What You’ll Be Working With

You are given a SQLite database containing a table called startups. This table represents a portfolio of well-known startups and includes information such as valuation, funding stage, location, and number of employees.

Your goal is to ask useful questions of the data and answer them using SQL.


Step 1: Explore the Data Structure

Before doing any analysis, you need to understand what the table looks like.

SELECT *
FROM startups;

This query displays all rows and columns, helping you understand what data is available.


Step 2: Count the Number of Startups

SELECT COUNT(*)
FROM startups;

This query counts the total number of startups in the table.
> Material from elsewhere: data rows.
Definition xk (k : 'I_d -> nat) : pt d := fun i => PI * INR (k i) / INR (n i).
Definition xg (k : idx) : pt d := xk (idxN k).

Definition Nn : R := INR (2 ^ d * \prod_(i < d) n i)%N.

Variable K : pt d -> R.

Definition rho (j : 'I_d -> nat) (x : pt d) : R :=
  2 / Nn * sumOmega (fun k => cos (dotN j (xg k)) * K (ptsub x (xg k))).

Definition is_sk_spline (s : pt d -> R) : Prop :=
  exists (c : R) (ck : idx -> R),
    sumOmega ck = 0 /\
    forall x, s x = c + sumOmega (fun k => ck k * K (ptsub x (xg k))).

Definition sk_fund (x : pt d) : R :=
  1 / Nn + 1 / Nn * sumOmega_star (fun j => rho (idxN j) x / rho (idxN j) (@pt0 d)).

Definition sk_interp (f : pt d -> R) (x : pt d) : R :=
  sumOmega (fun k => f (xg k) * sk_fund (ptsub x (xg k))).

End Grid.

(* The grid Lambda_n is the group Z/(2 n_1) x ... x Z/(2 n_d), and the characters
   k |-> cos (j . x_k + b), j in Omega_n^*, sum to zero over it: translating the grid
   by a unit vector rotates all these angles by one angle that is not a multiple of
   2 pi.  As K is even and 2 pi-periodic, this diagonalises rho_j on the grid,
   rho_j (x_q - x_k) = cos (j . (x_q - x_k)) rho_j (0), so that the fundamental
   sk-spline satisfies sk~_n (x_q - x_k) = delta_qk by discrete Fourier inversion;
   hence sk_n f is an sk-spline interpolating f.  For uniqueness, expanding
   sk~_n (. - x_p) in the translates K (. - x_m) yields coefficients e_pm with
   sum_m e_pm = 0 and sum_q e_pq K (x_q - x_k) = delta_kp - 1/N, which recover the
   coefficient c_p of any sk-spline from its values on the grid. *)

From Stdlib Require Import Reals ZArith Lra Lia FunctionalExtensionality.
From HB Require Import structures.
From mathcomp Require Import all_boot zify.
Set Implicit Arguments. Unset Strict Implicit. Unset Printing Implicit Defensive.
Local Open Scope R_scope.

Lemma Rplus_assoc_law : associative Rplus.
Proof. by move=> x y z; rewrite Rplus_assoc. Qed.

HB.instance Definition _ :=
  Monoid.isComLaw.Build R R0 Rplus Rplus_assoc_law Rplus_comm Rplus_0_l.
HB.instance Definition _ := Monoid.isMulLaw.Build R R0 Rmult Rmult_0_l Rmult_0_r.
HB.instance Definition _ :=
  Monoid.isAddLaw.Build R Rmult Rplus Rmult_plus_distr_r Rmult_plus_distr_l.

Section RealSums.
Variables (I : finType) (P : pred I).
Implicit Types (F G : I -> R).

Lemma rsumN F : \rsum_(i | P i) (- F i) = - \rsum_(i | P i) F i.
Proof. by rewrite (big_morph Ropp Ropp_plus_distr Ropp_0). Qed.

Lemma rsumB F G : \rsum_(i | P i) (F i - G i) = \rsum_(i | P i) F i - \rsum_(i | P i) G i.
Proof. by rewrite big_split rsumN. Qed.

Lemma rsum_const1 : \rsum_(i | P i) 1 = INR #|P|.
Proof. by rewrite big_const; elim: #|P| => // m IH; rewrite iterS IH S_INR Rplus_comm. Qed.

Lemma rsum_delta F j : P j -> \rsum_(i | P i) (if i == j then F i else 0) = F j.
Proof.
by move=> Pj; rewrite (bigD1 j) //= eqxx big1 ?Rplus_0_r // => i /andP[_ /negbTE ->].
Qed.
End RealSums.

Lemma cos_add_2PI_IZR x (z : Z) : cos (x + 2 * PI * IZR z) = cos x.
Proof.
have per k y : cos (y + 2 * PI * INR k) = cos y.
  by rewrite -(cos_period y k); congr cos; ring.
case: (Z_le_gt_dec 0 z) => hz.
- by rewrite -(Z2Nat.id z) // -INR_IZR_INZ per.
- rewrite -(per (Z.to_nat (- z)) (x + 2 * PI * IZR z)); congr cos.
  rewrite INR_IZR_INZ Z2Nat.id ?opp_IZR; [ring | lia].
Qed.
Step 3: Calculate the Total Market Value

SELECT SUM(valuation)
FROM startups;

This calculates the combined valuation of all startups in the dataset.
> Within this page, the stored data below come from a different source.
(* A function $F\in\Delta_+$ is a Boolean max-stable law if and only if there exist $\lambda>0$ and $\alpha>0$ such that $F(t)=(1+\lambda t^{-\alpha})^{-1}$ for all $t>0$ (and $F(0)=0$).
   Context: $\Delta_+$ is the set of functions $F:[0,\infty)\to[0,1]$ that are nondecreasing, right continuous and satisfy $\lim_{t\to\infty}F(t)=1$. Define $\sqcap$ on $[0,1]$ by $(x\sqcap y)^{-1}-1=(x^{-1}-1)+(y^{-1}-1)$ (conventions $0^{-1}=+\infty$, $(+\infty)^{-1}=0$), and the Boolean max-convolution of $F,G\in\Delta_+$ by $(F\boxed{\vee}G)(t)=F(t)\sqcap G(t)$; $G^{\boxed{\vee}n}$ denotes the $n$-fold Boolean max-convolution of $G$ with itself. $F\in\Delta_+$ is Boolean max-stable if there exist $G\in\Delta_+$ and constants $a_n>0$ ($n\in\mathbb{N}$) with $G^{\boxed{\vee}n}(a_nt)\to F(t)$ as $n\to\infty$ for all $t\ge0$. *)

From Stdlib Require Import Reals Lra.
Open Scope R_scope.

(* Delta_+ : distribution functions on [0,oo); values on t < 0 are irrelevant. *)
Definition in_Delta_plus (F : R -> R) : Prop :=
  (forall t, 0 <= t -> 0 <= F t <= 1) /\
  (forall s t, 0 <= s -> s <= t -> F s <= F t) /\
  (forall t, 0 <= t -> forall eps, 0 < eps ->
      exists delta, 0 < delta /\
        forall s, t <= s < t + delta -> Rabs (F s - F t) < eps) /\
  (forall eps, 0 < eps -> exists M, forall t, M <= t -> Rabs (F t - 1) < eps).

(* x ⊓ y defined by (x⊓y)^-1 - 1 = (x^-1 - 1) + (y^-1 - 1), with 0^-1 = +oo,
   (+oo)^-1 = 0.  For x,y in (0,1] this unfolds to xy/(x+y-xy); if x = 0 or
   y = 0 the right-hand side is +oo, hence x⊓y = 0. *)
Definition bmeet (x y : R) : R :=
  if Req_EM_T x 0 then 0
  else if Req_EM_T y 0 then 0
  else / ((/ x - 1) + (/ y - 1) + 1).

Definition bmaxconv (F G : R -> R) : R -> R := fun t => bmeet (F t) (G t).

(* n-fold Boolean max-convolution; G^{⊔0} := 1 (the neutral element of ⊓),
   G^{⊔(n+1)} := G^{⊔n} ⊔ G, so G^{⊔1} = G. *)
Fixpoint bmaxpow (n : nat) (G : R -> R) : R -> R :=
  match n with
  | O => fun _ => 1
  | S m => bmaxconv (bmaxpow m G) G
  end.

Definition boolean_max_stable (F : R -> R) : Prop :=
  exists (G : R -> R) (a : nat -> R),
    in_Delta_plus G /\ (forall n, 0 < a n) /\
    forall t, 0 <= t -> Un_cv (fun n => bmaxpow n G (a n * t)) (F t).

Definition degenerate (F : R -> R) : Prop :=
  exists c, 0 <= c /\ forall t, 0 <= t -> F t = (if Rlt_dec t c then 0 else 1).

From Stdlib Require Import Reals.
From Stdlib Require Import Lra Lia Classical ClassicalEpsilon ZArith.
Open Scope R_scope.

(* In the odds [/ y - 1] of a level [y], Boolean max-convolution is addition,
   so the odds of [G^{⊔n}] are [n] times those of [G].  Comparing the limit
   along [n] with the limit along [m_n ~ r n] (convergence of types) yields,
   for every [r > 0], a scale [c r] such that the odds of [F] at [c r * t] are
   those at [t] divided by [r].  Non-degeneracy makes [c] unique, hence
   multiplicative and increasing, hence a power [r ^ beta]; so the odds of [F]
   are [lambda * t ^ (- 1 / beta)].  Conversely such an [F] satisfies
   [F^{⊔n} (n ^ (1 / alpha) * t) = F t]. *)

Lemma Rdiv_le_0_compat (a b : R) : 0 <= a -> 0 < b -> 0 <= a / b.
Proof. intros Ha Hb. apply Rmult_le_pos; [exact Ha | left; apply Rinv_0_lt_compat, Hb]. Qed.

(** * Boolean powers *)

(* In the odds [/ y - 1] of a level [y], [bpow rho] is multiplication by [rho]. *)
Definition bpow (rho y : R) : R := y / (rho * (1 - y) + y).

Section BooleanPower.

Variables (rho y : R).
Hypotheses (rho_gt0 : 0 < rho) (y_01 : 0 <= y <= 1).

Lemma bpow_den_gt0 : 0 < rho * (1 - y) + y.
Proof.
  destruct (Rle_lt_or_eq_dec 0 y (proj1 y_01)) as [Hy | <-]; [|lra].
  assert (0 <= rho * (1 - y)) by (apply Rmult_le_pos; lra). lra.
Qed.

Lemma bpow_compl : 1 - bpow rho y = rho * (1 - y) / (rho * (1 - y) + y).
Proof. pose proof bpow_den_gt0. unfold bpow. field. lra. Qed.

Lemma bpow_01 : 0 <= bpow rho y <= 1.
Proof.
  pose proof bpow_den_gt0. pose proof bpow_compl as Hc. split.
  - apply Rdiv_le_0_compat; lra.
  - enough (0 <= rho * (1 - y) / (rho * (1 - y) + y)) by lra.
    apply Rdiv_le_0_compat; [apply Rmult_le_pos|]; lra.
Qed.

Lemma bpow_gt0 : 0 < y -> 0 < bpow rho y.
Proof. intros Hy. apply Rdiv_lt_0_compat; [exact Hy | exact bpow_den_gt0]. Qed.

Lemma bpow_lt1 : y < 1 -> bpow rho y < 1.
Proof.
  intros Hy. pose proof bpow_compl. enough (0 < rho * (1 - y) / (rho * (1 - y) + y)) by lra.
  apply Rdiv_lt_0_compat; [apply Rmult_lt_0_compat | apply bpow_den_gt0]; lra.
Qed.

End BooleanPower.

Lemma bpow_level0 (rho : R) : bpow rho 0 = 0.
Proof. unfold bpow, Rdiv. ring. Qed.

Lemma bpow_exp1 (y : R) : bpow 1 y = y.
Proof. unfold bpow. replace (1 * (1 - y) + y) with 1 by ring. field. Qed.

Lemma bpowM (rho sigma y : R) : 0 < rho -> 0 < sigma -> 0 <= y <= 1 ->
  bpow rho (bpow sigma y) = bpow (rho * sigma) y.
Proof.
  intros Hr Hs Hy.
  pose proof (bpow_den_gt0 sigma y Hs Hy).
  pose proof (bpow_den_gt0 (rho * sigma) y ltac:(nra) Hy).
  unfold bpow at 2. unfold bpow. field. split; [nra | lra].
Qed.

Lemma bpow_le (rho y1 y2 : R) : 0 < rho -> 0 <= y1 -> y1 <= y2 -> y2 <= 1 ->
  bpow rho y1 <= bpow rho y2.
Proof.
  intros Hr H1 H12 H2.
  pose proof (bpow_den_gt0 rho y1 Hr ltac:(lra)).
  pose proof (bpow_den_gt0 rho y2 Hr ltac:(lra)).
  replace (bpow rho y2) with (bpow rho y1 + rho * (y2 - y1)
      / ((rho * (1 - y1) + y1) * (rho * (1 - y2) + y2))) by (unfold bpow; field; lra).
  enough (0 <= rho * (y2 - y1) / ((rho * (1 - y1) + y1) * (rho * (1 - y2) + y2))) by lra.
  apply Rdiv_le_0_compat; [apply Rmult_le_pos | apply Rmult_lt_0_compat]; lra.
Qed.

Lemma bpow_lt_exponent (rho1 rho2 y : R) : 0 < rho1 -> rho1 < rho2 -> 0 < y < 1 ->
  bpow rho2 y < bpow rho1 y.
Proof.
  intros Hr H12 Hy.
  pose proof (bpow_den_gt0 rho1 y Hr ltac:(lra)).
  pose proof (bpow_den_gt0 rho2 y ltac:(lra) ltac:(lra)).
  replace (bpow rho1 y) with (bpow rho2 y + y * (1 - y) * (rho2 - rho1)
      / ((rho1 * (1 - y) + y) * (rho2 * (1 - y) + y))) by (unfold bpow; field; lra).
  enough (0 < y * (1 - y) * (rho2 - rho1) / ((rho1 * (1 - y) + y) * (rho2 * (1 - y) + y)))
    by lra.
  apply Rdiv_lt_0_compat; [apply Rmult_lt_0_compat; [apply Rmult_lt_0_compat|] |
    apply Rmult_lt_0_compat]; lra.
Qed.

Lemma bpow_level1 (rho : R) : bpow rho 1 = 1.
Proof. unfold bpow. replace (rho * (1 - 1) + 1) with 1 by ring. field. Qed.

Lemma bpow_inv_1p (rho u : R) : 0 <= rho -> 0 <= u -> bpow rho (/ (1 + u)) = / (1 + rho * u).
Proof.
  intros Hr Hu. unfold bpow.
  replace (rho * (1 - / (1 + u)) + / (1 + u)) with ((1 + rho * u) / (1 + u)) by (field; lra).
  field. split; nra.
Qed.

Lemma bpow_continuity_pt (rho y : R) : 0 < rho -> 0 <= y <= 1 -> continuity_pt (bpow rho) y.
Proof. intros Hr Hy. pose proof (bpow_den_gt0 rho y Hr Hy). unfold bpow. reg. lra. Qed.

Lemma bmeet_bpow (rho y : R) : 0 < rho -> 0 <= y <= 1 ->
  bmeet (bpow rho y) y = bpow (rho + 1) y.
Proof.
  intros Hr Hy. unfold bmeet.
  destruct (Req_EM_T y 0) as [-> | Hy0].
  - rewrite !bpow_level0. destruct (Req_EM_T 0 0); reflexivity.
  - pose proof (bpow_gt0 rho y Hr Hy ltac:(lra)).
    destruct (Req_EM_T (bpow rho y) 0); [lra|].
    pose proof (bpow_den_gt0 rho y Hr Hy).
    pose proof (bpow_den_gt0 (rho + 1) y ltac:(lra) Hy).
    unfold bpow. field. repeat split; lra.
Qed.

Lemma bmeet_1l (y : R) : bmeet 1 y = y.
Proof.
  unfold bmeet. destruct (Req_EM_T 1 0); [lra|].
  destruct (Req_EM_T y 0) as [-> | Hy]; [reflexivity|]. field. lra.
Qed.

Lemma bmaxpow_bpow (G : R -> R) (n : nat) (x : R) : (1 <= n)%nat -> 0 <= G x <= 1 ->
  bmaxpow n G x = bpow (INR n) (G x).
Proof.
  intros Hn Hx. destruct n as [|n]; [lia|]. clear Hn.
  induction n as [|n IH].
  - simpl. unfold bmaxconv. rewrite bmeet_1l, bpow_exp1. reflexivity.
  - change (bmeet (bmaxpow (S n) G x) (G x) = bpow (INR (S (S n))) (G x)).
    rewrite IH, bmeet_bpow, <- S_INR by (auto; apply lt_0_INR; lia). reflexivity.
Qed.

Definition eventually (P : nat -> Prop) : Prop :=
  exists N, forall n, (N <= n)%nat -> P n.

Definition frequently (P : nat -> Prop) : Prop :=
  forall N, exists n, (N <= n)%nat /\ P n.

Lemma eventually_frequently (P : nat -> Prop) : eventually P -> frequently P.
Proof. intros [N HN] M. exists (max N M). split; [lia | apply HN; lia]. Qed.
Step 4: Find the Largest Funding Round

SELECT MAX(raised)
FROM startups;

This returns the highest funding amount raised by any startup.


Step 5: Filter by Startup Stage

SELECT MAX(raised)
FROM startups
WHERE stage = 'Seed';

This limits the analysis to Seed-stage startups only.


Step 6: Identify the Oldest Startup

SELECT MIN(founded)
FROM startups;

This returns the earliest founding year in the dataset.


Step 7: Calculate the Average Valuation

SELECT AVG(valuation)
FROM startups;

This provides a baseline average valuation across all startups.


Step 8: Compare Valuation by Category

SELECT category, AVG(valuation)
FROM startups
GROUP BY category;

This groups startups by category and calculates the average valuation for each.


Step 9: Round Results for Readability

SELECT category, ROUND(AVG(valuation), 2)
FROM startups
GROUP BY category;

This rounds average valuations to two decimal places.


Step 10: Rank Categories by Valuation

SELECT category, ROUND(AVG(valuation), 2)
FROM startups
GROUP BY 1
ORDER BY 2 DESC;

This sorts categories from highest to lowest average valuation.


Step 11: Identify Competitive Markets

SELECT category, COUNT(*)
FROM startups
GROUP BY category;

This shows how many startups exist in each category.


Step 12: Filter Competitive Categories

SELECT category, COUNT(*)
FROM startups
GROUP BY category
HAVING COUNT(*) > 3
ORDER BY 2 DESC;

This keeps only categories with more than three startups.


Step 13: Analyze Startup Size by Location

SELECT location, AVG(employees)
FROM startups
GROUP BY location;

This calculates average startup size by location.


Step 14: Focus on Large Startup Hubs

SELECT location, AVG(employees)
FROM startups
GROUP BY location
HAVING AVG(employees) > 500;

This highlights locations with large average team sizes.


Key Takeaways

  • Always explore the data first
  • Use aggregate functions to summarize information
  • Use GROUP BY to compare categories or locations
  • Use HAVING to filter aggregated results
  • Order results to highlight trends

This workflow applies to almost any SQL-based data analysis task.